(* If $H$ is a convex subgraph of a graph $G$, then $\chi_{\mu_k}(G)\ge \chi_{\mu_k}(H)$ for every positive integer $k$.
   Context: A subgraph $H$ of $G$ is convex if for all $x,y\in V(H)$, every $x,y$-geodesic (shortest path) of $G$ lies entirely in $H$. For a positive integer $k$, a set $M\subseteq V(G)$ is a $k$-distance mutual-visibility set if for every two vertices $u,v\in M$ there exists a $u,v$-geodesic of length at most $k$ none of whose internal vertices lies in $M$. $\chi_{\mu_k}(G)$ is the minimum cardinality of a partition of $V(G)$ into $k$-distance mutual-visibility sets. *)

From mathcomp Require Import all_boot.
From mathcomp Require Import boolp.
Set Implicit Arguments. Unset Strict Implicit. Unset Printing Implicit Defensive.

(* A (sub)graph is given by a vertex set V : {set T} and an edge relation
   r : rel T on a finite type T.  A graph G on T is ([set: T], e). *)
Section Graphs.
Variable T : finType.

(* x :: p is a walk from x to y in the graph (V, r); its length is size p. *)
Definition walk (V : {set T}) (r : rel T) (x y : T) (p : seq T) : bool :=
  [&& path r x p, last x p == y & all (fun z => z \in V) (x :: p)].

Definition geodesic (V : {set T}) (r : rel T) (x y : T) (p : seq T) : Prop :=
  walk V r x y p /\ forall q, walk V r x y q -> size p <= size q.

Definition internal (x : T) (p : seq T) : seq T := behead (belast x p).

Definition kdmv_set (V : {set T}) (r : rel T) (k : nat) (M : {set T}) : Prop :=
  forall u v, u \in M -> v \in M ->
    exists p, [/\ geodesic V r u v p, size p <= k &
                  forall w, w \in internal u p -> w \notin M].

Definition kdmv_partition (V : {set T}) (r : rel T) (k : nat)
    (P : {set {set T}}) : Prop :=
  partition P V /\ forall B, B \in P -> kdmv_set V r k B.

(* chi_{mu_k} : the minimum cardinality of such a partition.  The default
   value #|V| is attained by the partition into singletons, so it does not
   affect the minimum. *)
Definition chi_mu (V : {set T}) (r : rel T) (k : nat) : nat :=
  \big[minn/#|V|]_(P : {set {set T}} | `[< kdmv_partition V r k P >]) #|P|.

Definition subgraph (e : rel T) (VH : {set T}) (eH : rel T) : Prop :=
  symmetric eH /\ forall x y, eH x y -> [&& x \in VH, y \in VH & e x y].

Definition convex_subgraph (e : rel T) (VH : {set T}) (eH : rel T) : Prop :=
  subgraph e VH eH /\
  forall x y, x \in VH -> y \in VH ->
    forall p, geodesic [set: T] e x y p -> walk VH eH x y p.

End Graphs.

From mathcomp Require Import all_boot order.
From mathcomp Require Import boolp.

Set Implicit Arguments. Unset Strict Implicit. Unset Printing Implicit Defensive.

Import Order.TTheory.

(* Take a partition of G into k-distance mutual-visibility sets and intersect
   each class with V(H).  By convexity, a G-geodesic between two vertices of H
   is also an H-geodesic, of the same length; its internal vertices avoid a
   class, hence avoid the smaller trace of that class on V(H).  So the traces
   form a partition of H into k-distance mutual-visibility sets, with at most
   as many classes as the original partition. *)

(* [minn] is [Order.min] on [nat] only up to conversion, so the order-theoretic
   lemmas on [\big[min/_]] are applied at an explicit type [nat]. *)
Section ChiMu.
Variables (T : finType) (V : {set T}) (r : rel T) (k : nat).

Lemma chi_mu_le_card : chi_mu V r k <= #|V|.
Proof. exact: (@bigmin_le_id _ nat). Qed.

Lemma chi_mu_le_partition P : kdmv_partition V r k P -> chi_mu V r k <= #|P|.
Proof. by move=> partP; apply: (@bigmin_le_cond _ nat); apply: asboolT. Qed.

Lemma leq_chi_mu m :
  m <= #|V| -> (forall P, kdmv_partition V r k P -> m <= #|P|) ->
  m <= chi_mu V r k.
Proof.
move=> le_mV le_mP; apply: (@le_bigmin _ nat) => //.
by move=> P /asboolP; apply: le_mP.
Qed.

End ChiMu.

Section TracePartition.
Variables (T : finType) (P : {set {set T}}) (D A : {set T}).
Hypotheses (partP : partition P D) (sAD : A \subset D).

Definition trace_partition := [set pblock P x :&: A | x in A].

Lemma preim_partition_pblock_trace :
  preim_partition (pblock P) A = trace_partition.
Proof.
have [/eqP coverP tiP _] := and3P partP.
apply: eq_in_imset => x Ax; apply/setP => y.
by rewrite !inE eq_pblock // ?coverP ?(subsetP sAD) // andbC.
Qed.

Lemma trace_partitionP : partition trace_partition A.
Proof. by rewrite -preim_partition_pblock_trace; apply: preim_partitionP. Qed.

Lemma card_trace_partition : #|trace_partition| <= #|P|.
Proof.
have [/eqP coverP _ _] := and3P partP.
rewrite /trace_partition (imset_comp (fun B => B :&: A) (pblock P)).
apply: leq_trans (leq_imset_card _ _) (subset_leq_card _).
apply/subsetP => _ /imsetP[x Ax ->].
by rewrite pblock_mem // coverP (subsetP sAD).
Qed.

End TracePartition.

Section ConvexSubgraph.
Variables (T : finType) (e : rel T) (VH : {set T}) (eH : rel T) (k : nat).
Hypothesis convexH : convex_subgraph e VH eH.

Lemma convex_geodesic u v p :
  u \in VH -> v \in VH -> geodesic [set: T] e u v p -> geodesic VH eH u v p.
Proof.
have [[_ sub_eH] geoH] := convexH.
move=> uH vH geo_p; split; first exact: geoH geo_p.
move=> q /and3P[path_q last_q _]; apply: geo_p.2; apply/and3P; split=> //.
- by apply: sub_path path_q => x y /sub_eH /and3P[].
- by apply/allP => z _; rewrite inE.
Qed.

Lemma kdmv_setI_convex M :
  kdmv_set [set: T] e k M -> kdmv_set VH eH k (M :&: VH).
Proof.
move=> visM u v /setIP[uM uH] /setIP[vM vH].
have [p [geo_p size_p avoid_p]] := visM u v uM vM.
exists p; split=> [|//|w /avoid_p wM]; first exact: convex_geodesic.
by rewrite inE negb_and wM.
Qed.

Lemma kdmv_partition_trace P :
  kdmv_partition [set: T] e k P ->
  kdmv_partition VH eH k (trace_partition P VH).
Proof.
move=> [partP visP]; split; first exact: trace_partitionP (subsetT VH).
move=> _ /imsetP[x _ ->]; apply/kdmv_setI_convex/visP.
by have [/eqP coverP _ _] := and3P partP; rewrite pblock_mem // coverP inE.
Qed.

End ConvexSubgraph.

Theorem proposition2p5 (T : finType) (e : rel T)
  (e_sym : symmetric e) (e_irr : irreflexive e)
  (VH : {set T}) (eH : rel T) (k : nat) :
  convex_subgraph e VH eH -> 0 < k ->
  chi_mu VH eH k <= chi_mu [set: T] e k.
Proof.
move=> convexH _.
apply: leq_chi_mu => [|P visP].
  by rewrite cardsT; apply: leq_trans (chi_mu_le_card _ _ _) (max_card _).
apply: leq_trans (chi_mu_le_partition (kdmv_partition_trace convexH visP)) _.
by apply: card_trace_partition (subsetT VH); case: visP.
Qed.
------------------------
WHAT YOU NEED TO DO
Would you restate the whole listing word for word?

FINAL ANSWER
(* If $H$ is a convex subgraph of a graph $G$, then $\chi_{\mu_k}(G)\ge \chi_{\mu_k}(H)$ for every positive integer $k$.
   Context: A subgraph $H$ of $G$ is convex if for all $x,y\in V(H)$, every $x,y$-geodesic (shortest path) of $G$ lies entirely in $H$. For a positive integer $k$, a set $M\subseteq V(G)$ is a $k$-distance mutual-visibility set if for every two vertices $u,v\in M$ there exists a $u,v$-geodesic of length at most $k$ none of whose internal vertices lies in $M$. $\chi_{\mu_k}(G)$ is the minimum cardinality of a partition of $V(G)$ into $k$-distance mutual-visibility sets. *)

From mathcomp Require Import all_boot.
From mathcomp Require Import boolp.
Set Implicit Arguments. Unset Strict Implicit. Unset Printing Implicit Defensive.

(* A (sub)graph is given by a vertex set V : {set T} and an edge relation
   r : rel T on a finite type T.  A graph G on T is ([set: T], e). *)
Section Graphs.
Variable T : finType.

(* x :: p is a walk from x to y in the graph (V, r); its length is size p. *)
Definition walk (V : {set T}) (r : rel T) (x y : T) (p : seq T) : bool :=
  [&& path r x p, last x p == y & all (fun z => z \in V) (x :: p)].

Definition geodesic (V : {set T}) (r : rel T) (x y : T) (p : seq T) : Prop :=
  walk V r x y p /\ forall q, walk V r x y q -> size p <= size q.

Definition internal (x : T) (p : seq T) : seq T := behead (belast x p).

Definition kdmv_set (V : {set T}) (r : rel T) (k : nat) (M : {set T}) : Prop :=
  forall u v, u \in M -> v \in M ->
    exists p, [/\ geodesic V r u v p, size p <= k &
                  forall w, w \in internal u p -> w \notin M].

Definition kdmv_partition (V : {set T}) (r : rel T) (k : nat)
    (P : {set {set T}}) : Prop :=
  partition P V /\ forall B, B \in P -> kdmv_set V r k B.

(* chi_{mu_k} : the minimum cardinality of such a partition.  The default
   value #|V| is attained by the partition into singletons, so it does not
   affect the minimum. *)
Definition chi_mu (V : {set T}) (r : rel T) (k : nat) : nat :=
  \big[minn/#|V|]_(P : {set {set T}} | `[< kdmv_partition V r k P >]) #|P|.

Definition subgraph (e : rel T) (VH : {set T}) (eH : rel T) : Prop :=
  symmetric eH /\ forall x y, eH x y -> [&& x \in VH, y \in VH & e x y].

Definition convex_subgraph (e : rel T) (VH : {set T}) (eH : rel T) : Prop :=
  subgraph e VH eH /\
  forall x y, x \in VH -> y \in VH ->
    forall p, geodesic [set: T] e x y p -> walk VH eH x y p.

End Graphs.

From mathcomp Require Import all_boot order.
From mathcomp Require Import boolp.

Set Implicit Arguments. Unset Strict Implicit. Unset Printing Implicit Defensive.

Import Order.TTheory.

(* Take a partition of G into k-distance mutual-visibility sets and intersect
   each class with V(H).  By convexity, a G-geodesic between two vertices of H
   is also an H-geodesic, of the same length; its internal vertices avoid a
   class, hence avoid the smaller trace of that class on V(H).  So the traces
   form a partition of H into k-distance mutual-visibility sets, with at most
   as many classes as the original partition. *)

(* [minn] is [Order.min] on [nat] only up to conversion, so the order-theoretic
   lemmas on [\big[min/_]] are applied at an explicit type [nat]. *)
Section ChiMu.
Variables (T : finType) (V : {set T}) (r : rel T) (k : nat).

Lemma chi_mu_le_card : chi_mu V r k <= #|V|.
Proof. exact: (@bigmin_le_id _ nat). Qed.

Lemma chi_mu_le_partition P : kdmv_partition V r k P -> chi_mu V r k <= #|P|.
Proof. by move=> partP; apply: (@bigmin_le_cond _ nat); apply: asboolT. Qed.

Lemma leq_chi_mu m :
  m <= #|V| -> (forall P, kdmv_partition V r k P -> m <= #|P|) ->
  m <= chi_mu V r k.
Proof.
move=> le_mV le_mP; apply: (@le_bigmin _ nat) => //.
by move=> P /asboolP; apply: le_mP.
Qed.

End ChiMu.

Section TracePartition.
Variables (T : finType) (P : {set {set T}}) (D A : {set T}).
Hypotheses (partP : partition P D) (sAD : A \subset D).

Definition trace_partition := [set pblock P x :&: A | x in A].

Lemma preim_partition_pblock_trace :
  preim_partition (pblock P) A = trace_partition.
Proof.
have [/eqP coverP tiP _] := and3P partP.
apply: eq_in_imset => x Ax; apply/setP => y.
by rewrite !inE eq_pblock // ?coverP ?(subsetP sAD) // andbC.
Qed.

Lemma trace_partitionP : partition trace_partition A.
Proof. by rewrite -preim_partition_pblock_trace; apply: preim_partitionP. Qed.

Lemma card_trace_partition : #|trace_partition| <= #|P|.
Proof.
have [/eqP coverP _ _] := and3P partP.
rewrite /trace_partition (imset_comp (fun B => B :&: A) (pblock P)).
apply: leq_trans (leq_imset_card _ _) (subset_leq_card _).
apply/subsetP => _ /imsetP[x Ax ->].
by rewrite pblock_mem // coverP (subsetP sAD).
Qed.

End TracePartition.

Section ConvexSubgraph.
Variables (T : finType) (e : rel T) (VH : {set T}) (eH : rel T) (k : nat).
Hypothesis convexH : convex_subgraph e VH eH.

Lemma convex_geodesic u v p :
  u \in VH -> v \in VH -> geodesic [set: T] e u v p -> geodesic VH eH u v p.
Proof.
have [[_ sub_eH] geoH] := convexH.
move=> uH vH geo_p; split; first exact: geoH geo_p.
move=> q /and3P[path_q last_q _]; apply: geo_p.2; apply/and3P; split=> //.
- by apply: sub_path path_q => x y /sub_eH /and3P[].
- by apply/allP => z _; rewrite inE.
Qed.

Lemma kdmv_setI_convex M :
  kdmv_set [set: T] e k M -> kdmv_set VH eH k (M :&: VH).
Proof.
move=> visM u v /setIP[uM uH] /setIP[vM vH].
have [p [geo_p size_p avoid_p]] := visM u v uM vM.
exists p; split=> [|//|w /avoid_p wM]; first exact: convex_geodesic.
by rewrite inE negb_and wM.
Qed.

Lemma kdmv_partition_trace P :
  kdmv_partition [set: T] e k P ->
  kdmv_partition VH eH k (trace_partition P VH).
Proof.
move=> [partP visP]; split; first exact: trace_partitionP (subsetT VH).
move=> _ /imsetP[x _ ->]; apply/kdmv_setI_convex/visP.
by have [/eqP coverP _ _] := and3P partP; rewrite pblock_mem // coverP inE.
Qed.

End ConvexSubgraph.

Theorem proposition2p5 (T : finType) (e : rel T)
  (e_sym : symmetric e) (e_irr : irreflexive e)
  (VH : {set T}) (eH : rel T) (k : nat) :
  convex_subgraph e VH eH -> 0 < k ->
  chi_mu VH eH k <= chi_mu [set: T] e k.
Proof.
move=> convexH _.
apply: leq_chi_mu => [|P visP].
  by rewrite cardsT; apply: leq_trans (chi_mu_le_card _ _ _) (max_card _).
apply: leq_trans (chi_mu_le_partition (kdmv_partition_trace convexH visP)) _.
by apply: card_trace_partition (subsetT VH); case: visP.
Qed.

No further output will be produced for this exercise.